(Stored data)
──────────
Lemma redZ1 k : @redZ p k 1 = 1.
Proof. by apply: val_inj; rewrite val_redZ /= (modn_dvdm _ (modulus_dvd k)). Qed.

HB.instance Definition _ k :=
  GRing.isNmodMorphism.Build (Zl p k.+1) (Zl p k) (@redZ p k) (redZ0 k, @redZD k).
HB.instance Definition _ k :=
  GRing.isMonoidMorphism.Build (Zl p k.+1) (Zl p k) (@redZ p k) (redZ1 k, @redZM k).

Lemma redGD d k : {morph @redG p d k : u v / u + v}.
Proof. by move=> u v; apply/matrixP => i j; rewrite !mxE rmorphD. Qed.

Lemma redG0 d k : @redG p d k 0 = 0.
Proof. by apply/matrixP => i j; rewrite !mxE rmorph0. Qed.

HB.instance Definition _ d k := GRing.isNmodMorphism.Build
  (Gl p d k.+1) (Gl p d k) (@redG p d k) (redG0 d k, @redGD d k).

Section ProjGR.
Variables d k : nat.

Lemma projGRE (f : GRl p d k.+1) y :
  projGR f y = \sum_x (redG x == y)%:R * redZ (f x).
Proof.
rewrite ffunE big_mkcond /=; apply: eq_bigr => x _.
by case: eqP => _; rewrite ?mul1r ?mul0r.
Qed.

Lemma projGR0 : projGR (0 : GRl p d k.+1) = 0.
Proof.
apply/ffunP => y; rewrite projGRE !ffunE big1 // => x _.
by rewrite ffunE rmorph0 mulr0.
Qed.

Lemma projGRD : {morph @projGR p d k : f g / f + g}.
Proof.
move=> f g; apply/ffunP => y; rewrite projGRE [RHS]ffunE !projGRE -big_split /=.
by apply: eq_bigr => x _; rewrite ffunE rmorphD mulrDr.
Qed.

Lemma projGR_delta (g : Gl p d k.+1) : projGR (deltaGR g) = deltaGR (redG g).
Proof.
apply/ffunP => y; rewrite projGRE [RHS]ffunE (bigD1 g) //= big1 => [|x /negPf xg].
  by rewrite ffunE eqxx rmorph1 mulr1 addr0 eq_sym.
by rewrite ffunE xg rmorph0 mulr0.
Qed.

Lemma projGR1 : projGR (1 : GRl p d k.+1) = 1.
Proof. by rewrite projGR_delta raddf0. Qed.

Lemma projGRM : {morph @projGR p d k : f g / f * g}.
Proof.
move=> f g; apply/ffunP => y; rewrite projGRE [RHS]ffunE.
transitivity (\sum_w \sum_v (redG v == y - redG w)%:R * (redZ (f w) * redZ (g v))).
  under eq_bigr do rewrite ffunE rmorph_sum mulr_sumr.
  rewrite exchange_big /=; apply: eq_bigr => w _.
  rewrite (reindex_inj (addIr w)) /=; apply: eq_bigr => v _.
  by rewrite addrK rmorphM raddfD -subr_eq eq_sym opprK eq_sym.
symmetry; under eq_bigr do rewrite !projGRE mulr_suml.
under eq_bigr do under eq_bigr do rewrite mulr_sumr.
rewrite exchange_big /=; apply: eq_bigr => w _.
rewrite exchange_big /=; apply: eq_bigr => v _.
rewrite (bigD1 (redG w)) //= big1 => [|u /negPf uw].
  by rewrite eqxx mul1r addr0 mulrCA.
by rewrite eq_sym uw mul0r mul0r.
Qed.

End ProjGR.

HB.instance Definition _ d k := GRing.isNmodMorphism.Build
  (GRl p d k.+1) (GRl p d k) (@projGR p d k) (projGR0 d k, @projGRD d k).
HB.instance Definition _ d k := GRing.isMonoidMorphism.Build
  (GRl p d k.+1) (GRl p d k) (@projGR p d k) (projGR1 d k, @projGRM d k).

End Reduction.

Section Compatibility.
Variables (p d : nat).
Hypothesis p_gt1 : (1 < p)%N.

Lemma Zl_modulus k : (Zp_trunc (p ^ k.+1)).+2 = (p ^ k.+1)%N.
Proof. by rewrite Zp_cast // -{1}(expn0 p) ltn_exp2l. Qed.

Lemma val_Zl_natr k n : val (n%:R : Zl p k) = (n %% p ^ k.+1)%N.
Proof. by rewrite Zp_nat /= Zl_modulus. Qed.

Lemma val_redZ_pow k (x : Zl p k.+1) : val (redZ x) = (val x %% p ^ k.+1)%N.
Proof. by rewrite val_redZ -[X in _ = (_ %% X)%N]Zl_modulus. Qed.

Lemma isZp_val (a : ZpF p) : isZp a -> forall k, (a k : nat) = (a k.+1 %% p ^ k.+1)%N.
Proof. by move=> a_Zp k; rewrite -(a_Zp k) val_redZ_pow. Qed.

Lemma isZp_modp (a : ZpF p) : isZp a -> forall k, (a k %% p = a 0 %% p)%N.
Proof.
move=> a_Zp; elim=> [|k IH] //; rewrite -IH [in RHS](isZp_val a_Zp k) modn_dvdm //.
by rewrite expnS dvdn_mulr.
Qed.

Lemma Gl_mulrn_eqmod k (v : Gl p d k) a b : a = b %[mod p ^ k.+1] -> v *+ a = v *+ b.
Proof.
suff v_mod c : v *+ c = v *+ (c %% p ^ k.+1) by move=> ab; rewrite v_mod ab -v_mod.
rewrite {1}(divn_eq c (p ^ k.+1)) mulrnDr mulnC mulrnA.
suff -> : v *+ (p ^ k.+1) = 0 by rewrite mul0rn add0r.
apply/matrixP => i j; rewrite mulmxnE mxE -mulr_natr.
suff -> : ((p ^ k.+1)%N%:R : Zl p k) = 0 by rewrite mulr0.
by apply: val_inj; rewrite val_Zl_natr modnn.
Qed.

Lemma isGam_zscale_sum (s : 'I_d -> GamF p d) (a : 'I_d -> ZpF p) :
  (forall i, isGam (s i)) -> (forall i, isZp (a i)) ->
  isGam (fun k => \sum_i zscale (a i) (s i) k).
Proof.
move=> s_Gam a_Zp k; rewrite raddf_sum; apply: eq_bigr => i _.
rewrite /zscale raddfMn /= s_Gam; apply: Gl_mulrn_eqmod.
by rewrite (isZp_val (a_Zp i) k) modn_mod.
Qed.

(* Level k of a / p needs the digits of a up to level k+1. *)
Definition divp_Zp (a : ZpF p) : ZpF p := fun k => ((a k.+1 : nat) %/ p)%:R.

Lemma divp_ZpP (a : ZpF p) : isZp a -> (p %| a 0)%N ->
  isZp (divp_Zp a) /\ forall k, (divp_Zp a k * p = a k %[mod p ^ k.+1])%N.
Proof.
move=> a_Zp p_dvd; have p_gt0 := ltnW p_gt1.
have dvd_a k : (p %| a k)%N by rewrite /dvdn isZp_modp.
have divp_val k : (a k.+1 %/ p = (a k.+2 %/ p) %% p ^ k.+1)%N.
  apply/eqP; rewrite -(eqn_pmul2l p_gt0) muln_modr -expnS.
  by rewrite mulnC divnK // [(p * _)%N]mulnC divnK // -isZp_val.
split=> [k | k].
  apply: val_inj; rewrite val_redZ_pow !val_Zl_natr modn_dvdm ?dvdn_exp2l //.
  by rewrite (divp_val k) modn_mod.
by rewrite val_Zl_natr modnMml divnK ?dvd_a // [in RHS](isZp_val a_Zp k) modn_mod.
Qed.
(* Main step: every vertex of a reduced sequence commuting with U lies in
   st(u).  By induction on the length: peel off a syllable if possible,
   otherwise the sequence is empty by [stuck_nil]. *)
Lemma commuting_in_st n r : size r <= n -> reduced_syl r -> commutes (flat r) U ->
  all stv (map fst r).
Proof.
elim: n r => [|n IH] r Hs Hr HU; first by case: r Hs {Hr HU}.
apply/idPn => Hn.
have peeled p c q : r = p ++ c :: q -> stv c.1 ->
    reduced_syl (p ++ q) /\ commutes (flat (p ++ q)) U -> False.
  move=> Er Hc [Hr' HU']; move/negP: Hn; apply.
  have := IH _ _ Hr' HU'; rewrite Er !map_cat !all_cat /= Hc => -> //.
  by move: Hs; rewrite Er !size_cat /= addnS.
have Hf : front_stuck r.
  move=> p c q Er Hp; apply/negP => Hc; apply: (peeled p c q Er Hc).
  by move: Hr HU; rewrite Er; exact: peel_front.
have Hb : back_stuck r.
  move=> p c q Er Hq; apply/negP => Hc; apply: (peeled p c q Er Hc).
  by move: Hr HU; rewrite Er; exact: peel_back.
by move: Hn; rewrite (stuck_nil Hr HU Hf Hb).
Qed.

Lemma centraliser_sub_st g : commutes g u -> in_W e ord (in_st e ord u) g.
Proof.
move=> Hc; exists (flat (NF g)); split; first exact: eqw_sym (NF_flat g).
move=> x /mem_flat Hx; apply/in_stP.
have Hc' : commutes (flat (NF g)) U.
  apply: commutes_eqw (eqw_sym (NF_flat g)) _; rewrite /commutes.
  apply: eqw_trans (eqw_cat (eqw_refl g) (NF_flat u)) _.
  exact: eqw_trans Hc (eqw_cat (eqw_sym (NF_flat u)) (eqw_refl g)).
by move/allP: (commuting_in_st (leqnn _) (NF_reduced g) Hc'); apply.
Qed.

Lemma st_sub_centraliser g : in_W e ord (in_st e ord u) g -> commutes g u.
Proof.
case=> w [E H].
have Hw : commutes w U by apply: commutes_U => l Hl; apply/in_stP; apply: H.
apply: commutes_eqw (eqw_sym E) _; rewrite /commutes.
apply: eqw_trans (eqw_cat (eqw_refl w) (eqw_sym (NF_flat u))) _.
exact: eqw_trans Hw (eqw_cat (NF_flat u) (eqw_refl w)).
Qed.

End Centraliser.
End GraphProduct.

Lemma dir_indec_order_neq1 n : dir_indec_order n -> n <> 1.
Proof.
case=> [->|[p [[|k] [Hp _ ->]]]] //.
rewrite expnS => /eqP; rewrite muln_eq1 => /andP [/eqP E _].
by move: Hp; rewrite E.
Qed.

Theorem lemma2p2 (V : finType) (e : rel V) (ord : V -> nat)
  (HV : 0 < #|V|) (Hsym : symmetric e) (Hirr : irreflexive e)
  (Hord : forall v, dir_indec_order (ord v))
  (u : seq (letter V)) (Hu : CP_elt e ord u) :
  forall g : seq (letter V),
    gp_eq e ord (g ++ u) (u ++ g) <-> in_W e ord (in_st e ord u) g.
Proof.
have Hord1 v : ord v <> 1 by apply: dir_indec_order_neq1.
move=> g; split.
- exact: (centraliser_sub_st Hsym Hirr Hord1 Hu).
- exact: (st_sub_centraliser Hsym Hirr Hu).
Qed.
(* Let $n\in\mathbb{N}$, $N=\{1,\dots,n\}$, and let $(\mathbf v,d)=(v_1,\dots,v_n,d)\in\mathbb{N}^{n+1}$ with $v_i<d$ for all $i$. Write $\frac{v_i}{d}=\frac{s_i}{t_i}$ with $s_i,t_i\in\mathbb{N}$, $\gcd(s_i,t_i)=1$, put $w_i=v_i/d$, $d_{\mathbf w}=\operatorname{lcm}(t_j\mid j\in N)$, and for $k\in\mathbb{N}$ put $M(k)=\{j\in N\mid t_j\mid k\}$ and $\mu(k)=\prod_{j\in M(k)}\left(\frac1{w_j}-1\right)=\prod_{j\in M(k)}\frac{d-v_j}{v_j}$ (empty product $=1$). Let $D_{\mathbf w}=\prod_{j=1}^n\left(\frac1{s_j}\Lambda_{t_j}-\Lambda_1\right)\in\mathbb{Q}\langle S^{UR}\rangle$ and let $L(k)$, $k\in\mathbb{N}$, be its Lefschetz numbers. Let $\rho_{(\mathbf v,d)}(t)=t^{v_1+\dots+v_n}\prod_{j=1}^n\frac{t^{d-v_j}-1}{t^{v_j}-1}\in\mathbb{Q}(t)$. Then: (a) For all $k\in\mathbb{N}$: $M(k)=M(\gcd(k,d_{\mathbf w}))=\{j\in N\mid \frac{d}{\gcd(k,d_{\mathbf w})}\text{ divides } v_j\}$ and $\mu(k)=\mu(\gcd(k,d_{\mathbf w}))$. (b) For all $k\in\mathbb{N}$: $L(k)=L(\gcd(k,d_{\mathbf w}))=(-1)^{n-|M(k)|}\mu(k)\in\mathbb{Q}^*$. (c) If $(\mathbf v,d)$ satisfies condition $\overline{(C2)}$, then $\mu(k)\in\mathbb{N}$ for all $k\in\mathbb{N}$. Moreover, $(\mathbf v,d)$ satisfies $\overline{(C2)}$ if and only if $\rho_{(\mathbf v,d)}\in\mathbb{Z}[t]$.
   Context: $S^{UR}\subset S^1$ is the set of all roots of unity; $\mathbb{Q}\langle S^{UR}\rangle$ is the group ring over $\mathbb{Q}$ of the multiplicative group $S^{UR}$, with elements $\sum_j b_j\langle\zeta_j\rangle$ ($b_j\in\mathbb{Q}$, $\zeta_j\in S^{UR}$) and product $\langle\zeta_1\rangle\langle\zeta_2\rangle=\langle\zeta_1\zeta_2\rangle$. For $m\in\mathbb{N}$, $\Lambda_m=\sum_{a=0}^{m-1}\langle e^{2\pi i a/m}\rangle$ (so $\Lambda_1=\langle1\rangle$ is the unit). The Lefschetz numbers of an element $\sum_j b_j\langle\zeta_j\rangle$ are $L(k)=\sum_j b_j\zeta_j^k\in\mathbb{C}$ for $k\in\mathbb{N}$. For $J\subset N$ and $c\in\mathbb{Z}$ let $(\mathbb{Z}^J)_c=\{\alpha\in\mathbb{Z}^n\mid \alpha_i=0\text{ for } i\notin J,\ \sum_i\alpha_iv_i=c\}$. Condition $\overline{(C2)}$: for every nonempty $J\subset N$ there exists $K\subset N$ with $|K|=|J|$ such that $(\mathbb{Z}^J)_{d-v_k}\neq\emptyset$ for all $k\in K$ (equivalently, $\gcd(v_j\mid j\in J)$ divides $d-v_k$ for all $k\in K$). *)

From HB Require Import structures.
From mathcomp Require Import all_boot all_order all_algebra all_field.
Set Implicit Arguments. Unset Strict Implicit. Unset Printing Implicit Defensive.
Import Order.TTheory GRing.Theory Num.Theory.
Local Open Scope ring_scope.

(* e^{2 pi i / m}: n.-root z has minimal non-negative argument, so
   m.-root (-1) = e^{i pi / m} and its square is e^{2 pi i / m}. *)
Definition zeta (m : nat) : algC := (m.-root (-1)) ^+ 2.

(* Elements of the group ring Q<S^UR>, represented as formal sums
   sum_j b_j <zeta_j>, i.e. lists of pairs (b_j, zeta_j). *)
Definition grelt := seq (rat * algC).

Definition gr_one : grelt := [:: (1, 1)].
Definition gr_add (x y : grelt) : grelt := x ++ y.
Definition gr_scale (c : rat) (x : grelt) : grelt := [seq (c * p.1, p.2) | p <- x].
Definition gr_opp (x : grelt) : grelt := gr_scale (-1) x.
Definition gr_mul (x y : grelt) : grelt :=
  [seq (p.1 * q.1, p.2 * q.2) | p <- x, q <- y].

Definition Lambda (m : nat) : grelt := [seq (1, zeta m ^+ a) | a <- iota 0 m].

Definition lefschetz (x : grelt) (k : nat) : algC :=
  \sum_(p <- x) ratr p.1 * p.2 ^+ k.

Section Data.
Variables (n : nat) (v : 'I_n -> nat) (d : nat).

Definition w (i : 'I_n) : rat := (v i)%:R / d%:R.
Definition s (i : 'I_n) : nat := `|numq (w i)|%N.
Definition t (i : 'I_n) : nat := `|denq (w i)|%N.

Definition d_w : nat := \big[lcmn/1%N]_(j < n) t j.

Definition M (k : nat) : {set 'I_n} := [set j : 'I_n | (t j %| k)%N].

Definition mu (k : nat) : rat := \prod_(j in M k) ((w j)^-1 - 1).

Definition D_w : grelt :=
  \big[gr_mul/gr_one]_(j < n)
     gr_add (gr_scale (s j)%:R^-1 (Lambda (t j))) (gr_opp (Lambda 1)).

Definition L (k : nat) : algC := lefschetz D_w k.

Definition ZJ_nonempty (J : {set 'I_n}) (c : int) : Prop :=
  exists alpha : 'I_n -> int,
    (forall i, i \notin J -> alpha i = 0) /\ \sum_(i < n) alpha i * (v i)%:Z = c.

Definition C2bar : Prop :=
  forall J : {set 'I_n}, J != set0 ->
    exists K : {set 'I_n}, #|K| = #|J| /\
      forall k, k \in K -> ZJ_nonempty J (d%:Z - (v k)%:Z).

Definition rho : {fraction {poly rat}} :=
  FracField.tofrac ('X ^+ (\sum_(j < n) v j) * \prod_(j < n) ('X ^+ (d - v j) - 1))
  / FracField.tofrac (\prod_(j < n) ('X ^+ (v j) - 1 : {poly rat})).

End Data.

(* Lefschetz numbers are multiplicative, and Lambda_m has Lefschetz number m
   or 0 according as m divides k or not, because zeta m is a primitive m-th
   root of unity; as t_j / s_j = 1 / w_j this gives (b), and (a) reduces to
   t_j | d together with t_j | g <-> d / g | v_j for g | d.
   For (c), X^a - 1 is the product of the cyclotomic polynomials Phi_m, m | a,
   so prod_j (X^(d - v_j) - 1) is a multiple of prod_j (X^(v_j) - 1) in Z[X]
   iff every m divides at least as many of the d - v_j as of the v_j.  By
   Bezout this counting condition is C2bar: compare J = {j | m | v_j} with
   m = gcd(v_j, j in J).  Applied to the subfamily M(gcd(k, d_w)), the same
   polynomial divisibility, after removing the factors X - 1 and evaluating at
   1, gives prod v_j | prod (d - v_j), i.e. mu(k) is an integer. *)

From HB Require Import structures.
From mathcomp Require Import all_boot all_order all_algebra all_field.
From mathcomp Require Import ring zify.
Set Implicit Arguments. Unset Strict Implicit. Unset Printing Implicit Defensive.
Import Order.TTheory GRing.Theory Num.Theory.
Local Open Scope ring_scope.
──────────
→ **What you are asked to do**
An exact copy of the lines above, from the one containing "exists alpha : 'I_n" down to the one containing "t_j | d together" and including both, is the whole answer; retype it and nothing else.

→ **Answer for this exercise**
  exists alpha : 'I_n -> int,
    (forall i, i \notin J -> alpha i = 0) /\ \sum_(i < n) alpha i * (v i)%:Z = c.

Definition C2bar : Prop :=
  forall J : {set 'I_n}, J != set0 ->
    exists K : {set 'I_n}, #|K| = #|J| /\
      forall k, k \in K -> ZJ_nonempty J (d%:Z - (v k)%:Z).

Definition rho : {fraction {poly rat}} :=
  FracField.tofrac ('X ^+ (\sum_(j < n) v j) * \prod_(j < n) ('X ^+ (d - v j) - 1))
  / FracField.tofrac (\prod_(j < n) ('X ^+ (v j) - 1 : {poly rat})).

End Data.

(* Lefschetz numbers are multiplicative, and Lambda_m has Lefschetz number m
   or 0 according as m divides k or not, because zeta m is a primitive m-th
   root of unity; as t_j / s_j = 1 / w_j this gives (b), and (a) reduces to
   t_j | d together with t_j | g <-> d / g | v_j for g | d.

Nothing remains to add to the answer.